A built-in MCP server so AI agents (Claude Desktop, Cursor, the MCP SDKs) connect directly.
Apache-2.0. A graph database you can embed, fork, and ship without an AGPL or JVM tax — the Neo4j alternative for people who don't want a cluster.

Highlights

🔐 Authentication that is actually reachable and enforced

RBAC existed in the engine for releases, but nothing in a shipped binary could activate it — the token path was effectively dead code. v0.6.0 wires it to a real front door:

ogdb user add / grant / revoke / list — creating the first user activates RBAC for that database. Roles are admin, read_write, read_only. user list never prints token values.
--require-auth (or OGDB_REQUIRE_AUTH=1) is fail-closed: the server refuses to start if auth is required but no users exist, and every data route returns 401 to anonymous or invalid requests. /health stays open for liveness.
--require-auth-reads gates reads (/query, /schema, /metrics) too — while the open, anonymous-read playground remains the explicit default so the demo experience is unchanged unless you opt in.
Label-injection hardening: the MCP search_nodes tool validates labels against ^[A-Za-z_][A-Za-z0-9_]*$ before interpolation, so a crafted label is rejected with 400, never executed.

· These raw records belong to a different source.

(* Let $\xi$ be a real random variable with $\mathbb{E}\xi^2=\infty$ and let $M>0$. Then there exists $m_0$, depending only on $M$ and the distribution of $\xi$, such that for every $m>m_0$, if $B$ is an $m\times m$ random matrix whose entries are i.i.d. copies of $\xi$, then $$\|B\|\ge M\sqrt m$$ with probability at least $1-\exp(-M^2m)$.
   Context: $\|\cdot\|$ denotes the operator norm (Euclidean norm to Euclidean norm). *)

From HB Require Import structures.
From mathcomp Require Import all_boot all_order all_algebra.
From mathcomp Require Import all_classical all_reals all_analysis.
Set Implicit Arguments. Unset Strict Implicit. Unset Printing Implicit Defensive.
Import Order.TTheory GRing.Theory Num.Theory.
Import numFieldNormedType.Exports.
Local Open Scope classical_set_scope.
Local Open Scope ring_scope.

Definition eucl_norm (R : realType) (n : nat) (v : 'cV[R]_n) : R :=
  Num.sqrt (\sum_(i < n) (v i ord0) ^+ 2).

Definition opnorm (R : realType) (m n : nat) (A : 'M[R]_(m, n)) : R :=
  sup [set eucl_norm (A *m v) | v in [set v : 'cV[R]_n | eucl_norm v <= 1]].

(* Mutual independence of a finite family of real random variables:
   product rule for every choice of Borel sets (choosing setT for some
   indices gives the product rule over every subfamily). *)
Definition mutually_independent (d : measure_display) (T : measurableType d)
  (R : realType) (P : probability T R) (I : finType) (X : I -> T -> R) : Prop :=
  forall A : I -> set R, (forall i, measurable (A i)) ->
    P (\bigcap_(i in [set: I]) (X i @^-1` A i)) =
    (\prod_(i : I) P (X i @^-1` A i))%E.

(* Since E xi^2 = +oo, there is a simple function 0 <= g <= x^2 with E g(xi) > 4 M^2.
   Once m exceeds the largest value of g, the exponential Markov inequality with parameter
   t = 1/m, independence, and exp(-s) <= 1 - s/2 on [0, 1] give
   P(sum_ij g(X_ij) < M^2 m^2) <= exp(t M^2 m^2) (1 - t E g / 2)^(m^2) <= exp(-M^2 m).
   Off this event the squared Frobenius norm of B is at least M^2 m^2, so some column of B
   has squared length at least M^2 m, and ||B|| >= M sqrt m. *)

From HB Require Import structures.
From mathcomp Require Import all_boot all_order all_algebra.
From mathcomp Require Import all_classical all_reals all_analysis.
From mathcomp Require Import finmap ring lra.
Import Order.TTheory GRing.Theory Num.Theory.
Import numFieldNormedType.Exports HBNNSimple.
Local Open Scope classical_set_scope.
Local Open Scope ring_scope.
Set Implicit Arguments. Unset Strict Implicit. Unset Printing Implicit Defensive.

Section OperatorNorm.
Variable R : realType.

Definition sqnorm n (v : 'cV[R]_n) : R := \sum_(i < n) v i ord0 ^+ 2.

Lemma sqnorm_ge0 n (v : 'cV[R]_n) : 0 <= sqnorm v.
Proof. by apply: sumr_ge0 => i _; rewrite sqr_ge0. Qed.

Lemma eucl_norm_le1 n (v : 'cV[R]_n) : (eucl_norm v <= 1) = (sqnorm v <= 1).
Proof. by rewrite /eucl_norm -{1}sqrtr1 ler_sqrt. Qed.

Lemma sqnorm0 n : sqnorm (0 : 'cV[R]_n) = 0.
Proof. by rewrite /sqnorm big1 // => i _; rewrite mxE expr0n. Qed.

Lemma norm_entry_le1 n (v : 'cV[R]_n) k : sqnorm v <= 1 -> `|v k ord0| <= 1.
Proof.
move=> v1; have : v k ord0 ^+ 2 <= 1.
  apply: le_trans v1; rewrite /sqnorm (bigD1 k) //= lerDl.
  by apply: sumr_ge0 => i _; rewrite sqr_ge0.
by move=> h; rewrite -(ler_pXn2r (_ : 0 < 2)%N) ?nnegrE // real_normK ?num_real // expr1n.
Qed.

Definition row_norm1 m n (B : 'M[R]_(m, n)) i := \sum_k `|B i k|.

Lemma norm_mulmx_entry_le m n (B : 'M[R]_(m, n)) v i :
  sqnorm v <= 1 -> `|(B *m v) i ord0| <= row_norm1 B i.
Proof.
move=> v1; rewrite mxE; apply: (le_trans (ler_norm_sum _ _ _)).
apply: ler_sum => k _; rewrite normrM.
by rewrite -[X in _ <= X]mulr1 ler_wpM2l // norm_entry_le1.
Qed.

Lemma opnorm_has_sup m n (B : 'M[R]_(m, n)) :
  has_sup [set eucl_norm (B *m v) | v in [set v : 'cV[R]_n | eucl_norm v <= 1]].
Proof.
split; first by exists (eucl_norm (B *m 0)), 0; rewrite //= eucl_norm_le1 sqnorm0.
exists (Num.sqrt (\sum_i row_norm1 B i ^+ 2)) => _ [v /= v1 <-].
rewrite ler_sqrt; last by apply: sumr_ge0 => i _; rewrite sqr_ge0.
apply: ler_sum => i _; rewrite -real_normK ?num_real // lerXn2r ?nnegrE //.
  by apply: sumr_ge0 => k _.
by apply: norm_mulmx_entry_le; rewrite -eucl_norm_le1.
Qed.

Lemma opnorm_ub m n (B : 'M[R]_(m, n)) v :
  eucl_norm v <= 1 -> eucl_norm (B *m v) <= opnorm B.
Proof. by move=> v1; apply: sup_upper_bound; [exact: opnorm_has_sup | exists v]. Qed.

Lemma opnorm_ge0 m n (B : 'M[R]_(m, n)) : 0 <= opnorm B.
Proof.
by apply: le_trans (opnorm_ub B (v := 0) _); rewrite ?sqrtr_ge0 ?eucl_norm_le1 ?sqnorm0.
Qed.

Lemma sqnorm_le_sqr_opnorm m n (B : 'M[R]_(m, n)) v :
  sqnorm v <= 1 -> sqnorm (B *m v) <= opnorm B ^+ 2.
Proof.
rewrite -eucl_norm_le1 => /(opnorm_ub B); rewrite /eucl_norm => Bv.
by rewrite -(sqr_sqrtr (sqnorm_ge0 (B *m v))) lerXn2r ?nnegrE ?sqrtr_ge0 ?opnorm_ge0.
Qed.

Lemma sqnorm_col_le_opnorm m n (B : 'M[R]_(m, n)) j :
  \sum_i B i j ^+ 2 <= opnorm B ^+ 2.
Proof.
have -> : \sum_i B i j ^+ 2 = sqnorm (B *m delta_mx j 0).
  by apply: eq_bigr => i _; rewrite -colE mxE.
apply: sqnorm_le_sqr_opnorm; rewrite /sqnorm (bigD1 j) //= big1.
  by rewrite mxE !eqxx expr1n addr0.
by move=> i ij; rewrite mxE (negbTE ij) expr0n.
Qed.

Lemma opnorm_ge_frobenius m n (B : 'M[R]_(m, n)) c : (0 < n)%N -> 0 <= c ->
  n%:R * c ^+ 2 <= \sum_i \sum_j B i j ^+ 2 -> c <= opnorm B.
Proof.
move=> n0 c0 hB; rewrite -(ler_pXn2r (n := 2)) ?nnegrE ?opnorm_ge0 //.
rewrite -(ler_pM2l (_ : 0 < n%:R)) ?ltr0n //; apply: le_trans hB _.
rewrite exchange_big /=.
apply: le_trans (ler_sum _ (fun j _ => sqnorm_col_le_opnorm B j)) _.
by rewrite sumr_const card_ord mulr_natl.
Qed.

Lemma rat_approx_le (x eta : R) : 0 < eta ->
  exists q : rat, `|ratr q| <= `|x| /\ `|ratr q - x| <= eta.
Proof.
move=> eta0; wlog x0 : x / 0 <= x => [hw|].
  have [/hw //|/ltW] := leP 0 x; rewrite -oppr_ge0 => /hw [q [qx qe]].
  rewrite normrN in qx; rewrite opprK in qe.
  by exists (- q); rewrite rmorphN normrN -opprD normrN.
have [x_le0|x_gt0] := leP x 0.
  have -> : x = 0 by apply/le_anti/andP.
  by exists 0; rewrite rmorph0 subr0 normr0 lexx ltW.
have /rat_in_itvoo [q] : Num.max 0 (x - eta) < x by rewrite gt_max x_gt0 ltrBlDr ltrDl.
rewrite in_itv /= gt_max => /andP [/andP [q0 xq] qx].
exists q; rewrite (gtr0_norm q0) (gtr0_norm x_gt0) ltr0_norm ?subr_lt0 //; split; lra.
Qed.

(* b ^+ 2 = a ^+ 2 + 2 a (b - a) + (b - a) ^+ 2 and |2 a (b - a)| <= 2 eta r ^+ 2. *)
Lemma sqr_ge_perturb (a b r eta : R) : 0 <= eta -> `|a| <= r -> `|b - a| <= eta * r ->
  a ^+ 2 - 2 * eta * r ^+ 2 <= b ^+ 2.
Proof.
move=> eta0; rewrite !ler_norml => /andP [ar ra] /andP [bar rba].
have p1 : 0 <= (r - a) * (eta * r - (b - a)) by apply: mulr_ge0; lra.
have p2 : 0 <= (r + a) * (eta * r + (b - a)) by apply: mulr_ge0; lra.
have p3 : 0 <= (b - a) ^+ 2 by apply: sqr_ge0.
nra.
Qed.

🧠 Vector retrieval, end to end over the wire

The HNSW engine (three distance metrics, 1–4096 dimensions, crash-safe persistence) was always strong — but you couldn't create a vector index from any client. Now you can:

CREATE VECTOR INDEX and CREATE FULLTEXT INDEX parse, route, and execute (previously they failed at the parser).
kNN over the wire: CALL db.index.vector.queryNodes(name, vec, k) returns correctly ranked nearest neighbors.
Numeric Cypher list literals written as embeddings are coerced to indexable vectors at harvest time, so vectors you author in Cypher actually get indexed.

This makes the bring-your-own-vectors hybrid retrieval story true end-to-end: store your embeddings, then fuse vector + graph-walk + BM25 with RRF in one round-trip. (Bring-your-own-model — managed auto-embeddings — is next; see What's next.)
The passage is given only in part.